(Stored data entries)
########
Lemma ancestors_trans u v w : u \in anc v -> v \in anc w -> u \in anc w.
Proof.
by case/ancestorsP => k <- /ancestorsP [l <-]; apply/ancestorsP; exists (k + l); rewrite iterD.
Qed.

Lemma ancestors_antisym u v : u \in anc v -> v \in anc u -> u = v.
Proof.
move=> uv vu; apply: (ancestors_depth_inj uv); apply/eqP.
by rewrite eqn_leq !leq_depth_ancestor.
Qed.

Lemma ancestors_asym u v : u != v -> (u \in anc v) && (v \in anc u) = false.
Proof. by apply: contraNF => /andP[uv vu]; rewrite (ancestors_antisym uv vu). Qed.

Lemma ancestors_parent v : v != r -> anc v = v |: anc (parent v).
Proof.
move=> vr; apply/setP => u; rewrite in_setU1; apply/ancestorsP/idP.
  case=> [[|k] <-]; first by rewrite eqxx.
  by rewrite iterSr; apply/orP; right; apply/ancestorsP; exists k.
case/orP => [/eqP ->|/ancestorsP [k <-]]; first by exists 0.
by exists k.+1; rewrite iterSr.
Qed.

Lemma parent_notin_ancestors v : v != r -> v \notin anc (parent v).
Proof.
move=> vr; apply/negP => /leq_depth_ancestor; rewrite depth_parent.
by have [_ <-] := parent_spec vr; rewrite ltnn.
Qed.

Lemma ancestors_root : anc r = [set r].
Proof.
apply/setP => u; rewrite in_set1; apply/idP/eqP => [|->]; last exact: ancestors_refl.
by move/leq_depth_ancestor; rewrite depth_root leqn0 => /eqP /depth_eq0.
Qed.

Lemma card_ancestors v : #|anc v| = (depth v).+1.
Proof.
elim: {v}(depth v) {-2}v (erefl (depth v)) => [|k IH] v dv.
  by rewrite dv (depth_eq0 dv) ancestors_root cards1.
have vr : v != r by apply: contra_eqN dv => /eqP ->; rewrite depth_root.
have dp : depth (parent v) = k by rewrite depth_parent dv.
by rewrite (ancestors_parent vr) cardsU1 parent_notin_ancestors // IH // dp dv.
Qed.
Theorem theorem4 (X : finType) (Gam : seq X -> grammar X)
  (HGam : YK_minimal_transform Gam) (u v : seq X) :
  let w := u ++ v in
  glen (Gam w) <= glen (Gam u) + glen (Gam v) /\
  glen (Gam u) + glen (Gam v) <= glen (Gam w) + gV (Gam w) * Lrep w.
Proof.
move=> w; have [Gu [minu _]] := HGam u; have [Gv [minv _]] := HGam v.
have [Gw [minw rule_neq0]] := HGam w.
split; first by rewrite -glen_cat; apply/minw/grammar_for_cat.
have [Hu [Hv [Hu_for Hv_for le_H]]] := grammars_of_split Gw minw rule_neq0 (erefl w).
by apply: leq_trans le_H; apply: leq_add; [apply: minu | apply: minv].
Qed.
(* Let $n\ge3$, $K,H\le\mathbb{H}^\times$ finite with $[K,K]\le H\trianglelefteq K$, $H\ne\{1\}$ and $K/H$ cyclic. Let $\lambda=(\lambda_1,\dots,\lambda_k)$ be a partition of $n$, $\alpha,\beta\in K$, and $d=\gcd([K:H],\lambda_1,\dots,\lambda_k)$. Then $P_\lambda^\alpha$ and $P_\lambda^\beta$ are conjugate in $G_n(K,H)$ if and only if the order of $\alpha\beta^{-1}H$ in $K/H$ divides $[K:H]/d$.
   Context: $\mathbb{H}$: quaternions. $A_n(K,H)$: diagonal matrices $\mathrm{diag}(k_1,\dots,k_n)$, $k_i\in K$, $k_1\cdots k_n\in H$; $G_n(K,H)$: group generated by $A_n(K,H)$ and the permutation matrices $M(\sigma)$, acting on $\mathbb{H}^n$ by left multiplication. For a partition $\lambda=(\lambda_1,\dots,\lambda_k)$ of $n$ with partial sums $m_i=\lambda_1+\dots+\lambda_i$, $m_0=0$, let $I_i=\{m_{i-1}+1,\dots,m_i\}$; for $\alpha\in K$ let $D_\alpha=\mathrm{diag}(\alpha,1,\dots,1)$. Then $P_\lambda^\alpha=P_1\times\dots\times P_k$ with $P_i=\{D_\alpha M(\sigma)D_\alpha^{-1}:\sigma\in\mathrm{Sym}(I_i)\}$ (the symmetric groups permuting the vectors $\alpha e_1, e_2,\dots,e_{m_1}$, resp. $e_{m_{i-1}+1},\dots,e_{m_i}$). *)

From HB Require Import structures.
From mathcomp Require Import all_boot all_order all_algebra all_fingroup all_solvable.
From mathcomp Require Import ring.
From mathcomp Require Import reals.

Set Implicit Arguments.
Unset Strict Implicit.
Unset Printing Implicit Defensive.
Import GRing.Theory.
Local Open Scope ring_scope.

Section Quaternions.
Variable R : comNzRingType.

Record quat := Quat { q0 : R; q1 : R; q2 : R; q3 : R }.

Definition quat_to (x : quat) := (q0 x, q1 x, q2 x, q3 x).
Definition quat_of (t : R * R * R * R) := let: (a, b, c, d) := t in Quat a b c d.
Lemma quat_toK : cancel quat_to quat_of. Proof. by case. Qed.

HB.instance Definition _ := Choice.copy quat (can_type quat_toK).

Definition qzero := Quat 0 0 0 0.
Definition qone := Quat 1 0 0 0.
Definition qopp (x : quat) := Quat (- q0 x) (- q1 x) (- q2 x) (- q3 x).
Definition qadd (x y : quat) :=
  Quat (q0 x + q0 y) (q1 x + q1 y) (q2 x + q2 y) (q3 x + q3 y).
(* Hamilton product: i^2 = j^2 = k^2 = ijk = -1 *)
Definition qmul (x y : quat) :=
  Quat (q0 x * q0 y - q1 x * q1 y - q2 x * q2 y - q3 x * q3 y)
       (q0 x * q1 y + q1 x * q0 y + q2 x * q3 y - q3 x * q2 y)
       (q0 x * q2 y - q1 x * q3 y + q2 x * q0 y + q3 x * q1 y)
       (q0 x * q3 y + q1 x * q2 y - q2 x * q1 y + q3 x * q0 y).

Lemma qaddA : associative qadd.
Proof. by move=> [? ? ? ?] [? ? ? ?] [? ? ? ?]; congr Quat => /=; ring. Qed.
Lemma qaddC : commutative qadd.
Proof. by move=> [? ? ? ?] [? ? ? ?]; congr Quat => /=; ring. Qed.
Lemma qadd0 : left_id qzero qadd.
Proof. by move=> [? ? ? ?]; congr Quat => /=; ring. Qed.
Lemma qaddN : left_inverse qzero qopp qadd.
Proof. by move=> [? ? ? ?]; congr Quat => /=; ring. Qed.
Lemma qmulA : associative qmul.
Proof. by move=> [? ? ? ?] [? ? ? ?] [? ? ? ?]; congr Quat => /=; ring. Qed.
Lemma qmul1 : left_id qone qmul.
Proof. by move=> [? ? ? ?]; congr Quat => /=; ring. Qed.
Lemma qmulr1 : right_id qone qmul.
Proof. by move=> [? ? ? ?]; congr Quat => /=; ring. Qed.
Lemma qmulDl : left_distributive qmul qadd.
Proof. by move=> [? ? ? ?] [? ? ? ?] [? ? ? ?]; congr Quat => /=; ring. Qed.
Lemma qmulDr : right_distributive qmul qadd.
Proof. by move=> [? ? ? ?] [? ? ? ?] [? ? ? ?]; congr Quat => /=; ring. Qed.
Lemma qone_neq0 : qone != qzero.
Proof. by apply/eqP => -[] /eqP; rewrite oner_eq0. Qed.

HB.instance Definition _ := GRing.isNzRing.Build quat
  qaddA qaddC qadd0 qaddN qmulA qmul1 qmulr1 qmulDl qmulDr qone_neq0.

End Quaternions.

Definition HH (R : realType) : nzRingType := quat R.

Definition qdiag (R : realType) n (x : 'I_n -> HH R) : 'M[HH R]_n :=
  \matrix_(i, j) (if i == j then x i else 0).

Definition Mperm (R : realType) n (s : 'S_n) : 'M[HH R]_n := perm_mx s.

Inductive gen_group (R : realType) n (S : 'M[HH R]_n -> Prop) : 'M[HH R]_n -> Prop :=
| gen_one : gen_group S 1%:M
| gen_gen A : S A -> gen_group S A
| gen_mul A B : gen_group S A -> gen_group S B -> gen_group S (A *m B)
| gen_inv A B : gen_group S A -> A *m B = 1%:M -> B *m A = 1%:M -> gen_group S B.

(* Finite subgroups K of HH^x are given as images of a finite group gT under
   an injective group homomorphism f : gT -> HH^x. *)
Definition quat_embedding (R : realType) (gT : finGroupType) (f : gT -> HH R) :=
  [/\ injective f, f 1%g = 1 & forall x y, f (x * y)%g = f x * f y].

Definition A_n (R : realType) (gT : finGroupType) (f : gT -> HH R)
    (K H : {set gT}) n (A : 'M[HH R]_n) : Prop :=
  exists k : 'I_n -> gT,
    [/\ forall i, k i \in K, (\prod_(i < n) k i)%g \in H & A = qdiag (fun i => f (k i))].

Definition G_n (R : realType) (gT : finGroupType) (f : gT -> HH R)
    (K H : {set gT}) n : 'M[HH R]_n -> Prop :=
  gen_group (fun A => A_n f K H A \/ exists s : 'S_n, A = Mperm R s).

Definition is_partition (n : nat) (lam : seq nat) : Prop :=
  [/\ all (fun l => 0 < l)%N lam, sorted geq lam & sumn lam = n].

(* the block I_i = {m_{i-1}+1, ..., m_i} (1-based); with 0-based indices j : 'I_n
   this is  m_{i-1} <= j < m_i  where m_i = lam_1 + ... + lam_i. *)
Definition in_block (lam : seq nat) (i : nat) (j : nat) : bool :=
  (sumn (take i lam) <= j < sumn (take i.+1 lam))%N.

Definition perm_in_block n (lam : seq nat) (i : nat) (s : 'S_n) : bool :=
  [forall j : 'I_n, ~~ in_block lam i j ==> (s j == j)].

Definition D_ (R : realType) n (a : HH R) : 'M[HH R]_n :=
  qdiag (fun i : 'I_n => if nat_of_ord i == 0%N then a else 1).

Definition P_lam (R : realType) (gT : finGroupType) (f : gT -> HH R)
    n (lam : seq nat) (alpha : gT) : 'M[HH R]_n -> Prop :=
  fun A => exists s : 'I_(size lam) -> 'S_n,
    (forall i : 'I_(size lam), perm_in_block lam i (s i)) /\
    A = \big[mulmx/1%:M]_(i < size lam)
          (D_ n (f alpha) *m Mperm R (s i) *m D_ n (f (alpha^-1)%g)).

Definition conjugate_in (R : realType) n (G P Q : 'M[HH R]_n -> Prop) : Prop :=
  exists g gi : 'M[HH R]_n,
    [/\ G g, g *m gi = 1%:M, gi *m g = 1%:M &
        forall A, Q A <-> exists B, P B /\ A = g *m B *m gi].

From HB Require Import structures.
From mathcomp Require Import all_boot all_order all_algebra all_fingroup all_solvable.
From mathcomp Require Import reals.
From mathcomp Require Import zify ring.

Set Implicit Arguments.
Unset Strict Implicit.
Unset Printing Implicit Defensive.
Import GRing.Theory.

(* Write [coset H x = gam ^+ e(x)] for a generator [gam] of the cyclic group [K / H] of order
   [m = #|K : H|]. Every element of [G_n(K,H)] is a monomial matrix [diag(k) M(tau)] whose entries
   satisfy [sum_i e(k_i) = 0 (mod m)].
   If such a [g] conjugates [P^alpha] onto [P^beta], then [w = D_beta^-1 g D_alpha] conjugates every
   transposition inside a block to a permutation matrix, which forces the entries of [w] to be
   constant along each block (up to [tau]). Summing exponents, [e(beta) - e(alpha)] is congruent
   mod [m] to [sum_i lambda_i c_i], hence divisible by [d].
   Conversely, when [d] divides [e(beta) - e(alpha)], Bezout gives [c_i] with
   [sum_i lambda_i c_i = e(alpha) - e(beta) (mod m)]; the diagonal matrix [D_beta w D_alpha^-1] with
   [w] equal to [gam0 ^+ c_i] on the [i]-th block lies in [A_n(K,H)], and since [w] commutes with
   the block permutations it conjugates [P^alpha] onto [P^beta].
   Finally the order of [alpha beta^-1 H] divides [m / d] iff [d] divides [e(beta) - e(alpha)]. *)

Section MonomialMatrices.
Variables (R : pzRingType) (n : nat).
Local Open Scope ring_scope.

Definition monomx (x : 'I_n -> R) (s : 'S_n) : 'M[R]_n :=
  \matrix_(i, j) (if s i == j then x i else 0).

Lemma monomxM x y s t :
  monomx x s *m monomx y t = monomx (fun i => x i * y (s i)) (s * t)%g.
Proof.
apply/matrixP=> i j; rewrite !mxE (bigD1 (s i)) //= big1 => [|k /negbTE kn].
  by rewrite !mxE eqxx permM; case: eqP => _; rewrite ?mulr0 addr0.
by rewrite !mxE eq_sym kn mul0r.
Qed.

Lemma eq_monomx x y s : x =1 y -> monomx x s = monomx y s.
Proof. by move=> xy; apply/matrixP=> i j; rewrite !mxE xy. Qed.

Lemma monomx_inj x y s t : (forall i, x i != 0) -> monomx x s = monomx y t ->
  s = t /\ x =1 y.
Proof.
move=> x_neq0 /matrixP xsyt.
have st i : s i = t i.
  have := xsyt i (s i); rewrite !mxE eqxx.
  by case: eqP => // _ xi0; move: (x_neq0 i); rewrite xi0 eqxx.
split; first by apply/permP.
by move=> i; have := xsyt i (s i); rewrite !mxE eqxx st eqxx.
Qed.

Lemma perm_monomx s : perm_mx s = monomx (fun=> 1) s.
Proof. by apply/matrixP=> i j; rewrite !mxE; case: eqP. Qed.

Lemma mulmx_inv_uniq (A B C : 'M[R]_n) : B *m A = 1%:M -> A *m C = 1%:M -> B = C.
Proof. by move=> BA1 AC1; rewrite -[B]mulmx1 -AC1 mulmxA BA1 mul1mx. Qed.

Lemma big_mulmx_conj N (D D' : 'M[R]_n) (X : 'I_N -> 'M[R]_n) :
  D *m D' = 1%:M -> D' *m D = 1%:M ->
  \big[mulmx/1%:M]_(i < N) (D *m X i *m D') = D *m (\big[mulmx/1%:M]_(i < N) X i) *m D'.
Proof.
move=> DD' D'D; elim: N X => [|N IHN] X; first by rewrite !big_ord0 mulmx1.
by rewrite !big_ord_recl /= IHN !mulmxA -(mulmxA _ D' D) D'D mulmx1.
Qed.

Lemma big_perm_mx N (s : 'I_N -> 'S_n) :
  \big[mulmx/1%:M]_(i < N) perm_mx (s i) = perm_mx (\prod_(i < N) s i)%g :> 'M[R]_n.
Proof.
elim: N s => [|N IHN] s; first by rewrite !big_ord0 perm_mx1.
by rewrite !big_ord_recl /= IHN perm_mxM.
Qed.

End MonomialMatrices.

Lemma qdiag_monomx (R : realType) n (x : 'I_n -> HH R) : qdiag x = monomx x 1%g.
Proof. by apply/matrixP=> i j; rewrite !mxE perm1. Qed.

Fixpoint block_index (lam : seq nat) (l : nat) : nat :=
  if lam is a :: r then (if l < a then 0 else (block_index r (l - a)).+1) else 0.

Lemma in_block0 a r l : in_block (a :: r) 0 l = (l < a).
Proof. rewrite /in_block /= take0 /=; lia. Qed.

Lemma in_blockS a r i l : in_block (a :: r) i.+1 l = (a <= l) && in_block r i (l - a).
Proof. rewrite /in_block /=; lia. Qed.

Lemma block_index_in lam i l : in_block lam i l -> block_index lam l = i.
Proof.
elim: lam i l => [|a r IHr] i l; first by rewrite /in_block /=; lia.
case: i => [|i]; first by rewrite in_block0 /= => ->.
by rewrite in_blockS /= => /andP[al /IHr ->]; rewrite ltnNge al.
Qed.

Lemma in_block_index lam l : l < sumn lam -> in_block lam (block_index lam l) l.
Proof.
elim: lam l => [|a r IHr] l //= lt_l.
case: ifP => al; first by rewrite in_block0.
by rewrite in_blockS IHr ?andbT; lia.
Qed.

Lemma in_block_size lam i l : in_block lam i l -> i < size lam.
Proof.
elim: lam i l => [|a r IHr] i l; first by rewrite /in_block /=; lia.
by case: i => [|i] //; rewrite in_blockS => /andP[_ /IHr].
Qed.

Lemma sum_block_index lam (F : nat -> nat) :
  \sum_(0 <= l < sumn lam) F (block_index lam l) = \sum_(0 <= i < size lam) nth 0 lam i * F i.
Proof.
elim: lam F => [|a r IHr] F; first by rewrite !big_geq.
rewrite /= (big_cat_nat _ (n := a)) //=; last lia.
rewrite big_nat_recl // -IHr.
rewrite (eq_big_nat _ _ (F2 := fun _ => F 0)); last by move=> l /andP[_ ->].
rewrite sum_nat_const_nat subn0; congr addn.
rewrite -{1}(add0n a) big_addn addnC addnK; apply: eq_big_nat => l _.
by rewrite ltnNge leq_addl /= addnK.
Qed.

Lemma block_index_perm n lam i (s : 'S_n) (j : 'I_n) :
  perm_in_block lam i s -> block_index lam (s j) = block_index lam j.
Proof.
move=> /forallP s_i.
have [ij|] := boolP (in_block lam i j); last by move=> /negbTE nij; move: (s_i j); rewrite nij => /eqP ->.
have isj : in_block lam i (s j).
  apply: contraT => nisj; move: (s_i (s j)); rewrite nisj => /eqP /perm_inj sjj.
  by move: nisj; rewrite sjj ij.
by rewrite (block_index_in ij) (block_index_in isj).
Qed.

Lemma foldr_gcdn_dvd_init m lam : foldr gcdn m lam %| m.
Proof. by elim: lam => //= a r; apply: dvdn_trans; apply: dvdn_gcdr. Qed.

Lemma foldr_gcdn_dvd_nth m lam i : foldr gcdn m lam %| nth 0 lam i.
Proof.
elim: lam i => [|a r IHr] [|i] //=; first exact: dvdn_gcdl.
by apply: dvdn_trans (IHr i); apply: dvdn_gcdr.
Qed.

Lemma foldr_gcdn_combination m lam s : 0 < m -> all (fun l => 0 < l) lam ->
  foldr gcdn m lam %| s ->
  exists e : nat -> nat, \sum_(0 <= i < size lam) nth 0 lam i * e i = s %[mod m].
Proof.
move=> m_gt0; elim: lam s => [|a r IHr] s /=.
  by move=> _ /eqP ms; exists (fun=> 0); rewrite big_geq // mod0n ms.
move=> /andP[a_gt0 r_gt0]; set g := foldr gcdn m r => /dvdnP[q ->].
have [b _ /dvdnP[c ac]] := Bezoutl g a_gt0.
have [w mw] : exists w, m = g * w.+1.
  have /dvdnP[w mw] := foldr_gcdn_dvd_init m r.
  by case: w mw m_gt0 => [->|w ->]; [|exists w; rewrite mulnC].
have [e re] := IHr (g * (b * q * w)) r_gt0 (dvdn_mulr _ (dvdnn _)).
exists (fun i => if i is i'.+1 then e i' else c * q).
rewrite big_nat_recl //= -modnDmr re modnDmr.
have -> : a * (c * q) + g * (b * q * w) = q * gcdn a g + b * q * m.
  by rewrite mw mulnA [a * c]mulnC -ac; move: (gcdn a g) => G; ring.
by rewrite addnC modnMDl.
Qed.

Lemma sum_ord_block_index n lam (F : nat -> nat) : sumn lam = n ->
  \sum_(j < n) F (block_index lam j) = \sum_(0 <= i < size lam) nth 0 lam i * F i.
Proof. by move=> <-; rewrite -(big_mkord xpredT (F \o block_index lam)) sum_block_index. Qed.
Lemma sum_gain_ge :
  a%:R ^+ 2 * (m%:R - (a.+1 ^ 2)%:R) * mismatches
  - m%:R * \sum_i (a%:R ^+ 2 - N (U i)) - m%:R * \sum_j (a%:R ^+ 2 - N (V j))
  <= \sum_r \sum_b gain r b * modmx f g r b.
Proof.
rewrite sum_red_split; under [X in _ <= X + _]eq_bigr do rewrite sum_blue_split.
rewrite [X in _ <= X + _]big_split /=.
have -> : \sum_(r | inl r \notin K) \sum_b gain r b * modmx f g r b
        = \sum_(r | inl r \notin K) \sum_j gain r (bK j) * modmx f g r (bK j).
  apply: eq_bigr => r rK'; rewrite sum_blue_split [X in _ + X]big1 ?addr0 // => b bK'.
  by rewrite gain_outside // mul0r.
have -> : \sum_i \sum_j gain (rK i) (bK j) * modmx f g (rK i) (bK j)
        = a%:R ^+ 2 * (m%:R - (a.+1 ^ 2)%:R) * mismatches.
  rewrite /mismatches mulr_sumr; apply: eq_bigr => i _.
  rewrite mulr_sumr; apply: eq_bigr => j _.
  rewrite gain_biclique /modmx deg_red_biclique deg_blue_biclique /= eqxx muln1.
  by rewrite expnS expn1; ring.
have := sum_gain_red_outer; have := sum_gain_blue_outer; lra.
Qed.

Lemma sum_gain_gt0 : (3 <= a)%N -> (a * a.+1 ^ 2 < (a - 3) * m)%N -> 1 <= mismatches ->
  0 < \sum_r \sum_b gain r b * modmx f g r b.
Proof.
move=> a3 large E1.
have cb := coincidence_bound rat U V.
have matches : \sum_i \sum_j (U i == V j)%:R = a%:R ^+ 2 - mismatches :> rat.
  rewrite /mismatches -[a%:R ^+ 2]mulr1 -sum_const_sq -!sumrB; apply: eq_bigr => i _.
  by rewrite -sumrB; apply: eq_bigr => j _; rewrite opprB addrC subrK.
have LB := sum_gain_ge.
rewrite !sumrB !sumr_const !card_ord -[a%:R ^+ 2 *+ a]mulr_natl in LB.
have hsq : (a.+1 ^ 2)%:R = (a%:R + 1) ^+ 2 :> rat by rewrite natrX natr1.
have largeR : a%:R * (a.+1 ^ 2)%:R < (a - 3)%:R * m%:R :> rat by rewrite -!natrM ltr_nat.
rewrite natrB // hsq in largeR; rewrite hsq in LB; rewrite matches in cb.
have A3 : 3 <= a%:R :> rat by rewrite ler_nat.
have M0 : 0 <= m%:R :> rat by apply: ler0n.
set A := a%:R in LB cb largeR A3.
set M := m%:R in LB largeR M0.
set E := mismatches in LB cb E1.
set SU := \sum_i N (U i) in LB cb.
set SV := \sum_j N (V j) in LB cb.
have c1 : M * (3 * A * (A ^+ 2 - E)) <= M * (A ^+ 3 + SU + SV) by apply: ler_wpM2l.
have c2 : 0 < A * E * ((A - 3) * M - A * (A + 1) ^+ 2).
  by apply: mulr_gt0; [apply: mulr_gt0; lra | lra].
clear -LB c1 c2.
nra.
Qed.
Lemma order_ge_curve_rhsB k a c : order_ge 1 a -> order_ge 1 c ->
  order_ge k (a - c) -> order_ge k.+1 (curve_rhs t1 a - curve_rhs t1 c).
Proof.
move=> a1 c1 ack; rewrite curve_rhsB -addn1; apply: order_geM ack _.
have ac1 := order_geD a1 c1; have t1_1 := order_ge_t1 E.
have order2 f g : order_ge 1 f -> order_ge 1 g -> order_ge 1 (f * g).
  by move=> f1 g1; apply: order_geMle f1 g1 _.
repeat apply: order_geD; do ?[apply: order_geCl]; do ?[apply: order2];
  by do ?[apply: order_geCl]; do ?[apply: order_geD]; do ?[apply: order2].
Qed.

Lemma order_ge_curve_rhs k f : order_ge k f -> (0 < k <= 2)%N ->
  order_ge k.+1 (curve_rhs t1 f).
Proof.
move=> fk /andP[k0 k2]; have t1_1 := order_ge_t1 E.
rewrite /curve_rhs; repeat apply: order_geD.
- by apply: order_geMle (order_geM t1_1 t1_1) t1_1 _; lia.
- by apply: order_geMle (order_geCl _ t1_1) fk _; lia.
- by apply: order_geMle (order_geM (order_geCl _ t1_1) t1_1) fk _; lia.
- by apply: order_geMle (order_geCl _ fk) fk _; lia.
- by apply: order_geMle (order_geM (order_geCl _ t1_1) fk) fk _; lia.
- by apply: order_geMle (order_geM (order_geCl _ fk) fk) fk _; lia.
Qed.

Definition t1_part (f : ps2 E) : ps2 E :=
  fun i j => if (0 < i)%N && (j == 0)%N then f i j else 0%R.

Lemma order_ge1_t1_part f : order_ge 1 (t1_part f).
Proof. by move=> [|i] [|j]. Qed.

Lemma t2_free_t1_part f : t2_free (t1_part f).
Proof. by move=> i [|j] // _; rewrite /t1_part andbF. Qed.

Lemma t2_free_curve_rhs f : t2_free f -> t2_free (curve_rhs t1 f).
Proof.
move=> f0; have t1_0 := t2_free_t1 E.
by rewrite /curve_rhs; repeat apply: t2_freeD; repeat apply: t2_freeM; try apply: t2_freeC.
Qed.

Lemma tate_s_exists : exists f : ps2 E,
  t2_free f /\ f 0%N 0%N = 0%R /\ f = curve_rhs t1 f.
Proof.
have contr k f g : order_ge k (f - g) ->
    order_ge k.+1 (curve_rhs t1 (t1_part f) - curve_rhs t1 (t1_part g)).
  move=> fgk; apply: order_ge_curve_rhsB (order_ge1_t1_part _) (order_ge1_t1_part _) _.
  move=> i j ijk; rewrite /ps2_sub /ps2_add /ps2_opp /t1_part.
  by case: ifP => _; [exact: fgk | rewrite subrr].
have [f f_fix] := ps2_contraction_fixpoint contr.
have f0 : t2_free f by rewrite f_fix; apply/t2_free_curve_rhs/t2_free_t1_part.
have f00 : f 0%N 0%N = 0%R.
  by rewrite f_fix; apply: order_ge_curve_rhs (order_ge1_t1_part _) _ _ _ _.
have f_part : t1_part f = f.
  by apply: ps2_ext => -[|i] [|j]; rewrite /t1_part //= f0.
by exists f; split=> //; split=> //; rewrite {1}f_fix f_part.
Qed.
########
What is needed:
From the opening line of the data above through the line that contains "have vr : v", please print each line as it stands and only those lines.

Task result:
Lemma ancestors_trans u v w : u \in anc v -> v \in anc w -> u \in anc w.
Proof.
by case/ancestorsP => k <- /ancestorsP [l <-]; apply/ancestorsP; exists (k + l); rewrite iterD.
Qed.

Lemma ancestors_antisym u v : u \in anc v -> v \in anc u -> u = v.
Proof.
move=> uv vu; apply: (ancestors_depth_inj uv); apply/eqP.
by rewrite eqn_leq !leq_depth_ancestor.
Qed.

Lemma ancestors_asym u v : u != v -> (u \in anc v) && (v \in anc u) = false.
Proof. by apply: contraNF => /andP[uv vu]; rewrite (ancestors_antisym uv vu). Qed.

Lemma ancestors_parent v : v != r -> anc v = v |: anc (parent v).
Proof.
move=> vr; apply/setP => u; rewrite in_setU1; apply/ancestorsP/idP.
  case=> [[|k] <-]; first by rewrite eqxx.
  by rewrite iterSr; apply/orP; right; apply/ancestorsP; exists k.
case/orP => [/eqP ->|/ancestorsP [k <-]]; first by exists 0.
by exists k.+1; rewrite iterSr.
Qed.

Lemma parent_notin_ancestors v : v != r -> v \notin anc (parent v).
Proof.
move=> vr; apply/negP => /leq_depth_ancestor; rewrite depth_parent.
by have [_ <-] := parent_spec vr; rewrite ltnn.
Qed.

Lemma ancestors_root : anc r = [set r].
Proof.
apply/setP => u; rewrite in_set1; apply/idP/eqP => [|->]; last exact: ancestors_refl.
by move/leq_depth_ancestor; rewrite depth_root leqn0 => /eqP /depth_eq0.
Qed.

Lemma card_ancestors v : #|anc v| = (depth v).+1.
Proof.
elim: {v}(depth v) {-2}v (erefl (depth v)) => [|k IH] v dv.
  by rewrite dv (depth_eq0 dv) ancestors_root cards1.
have vr : v != r by apply: contra_eqN dv => /eqP ->; rewrite depth_root.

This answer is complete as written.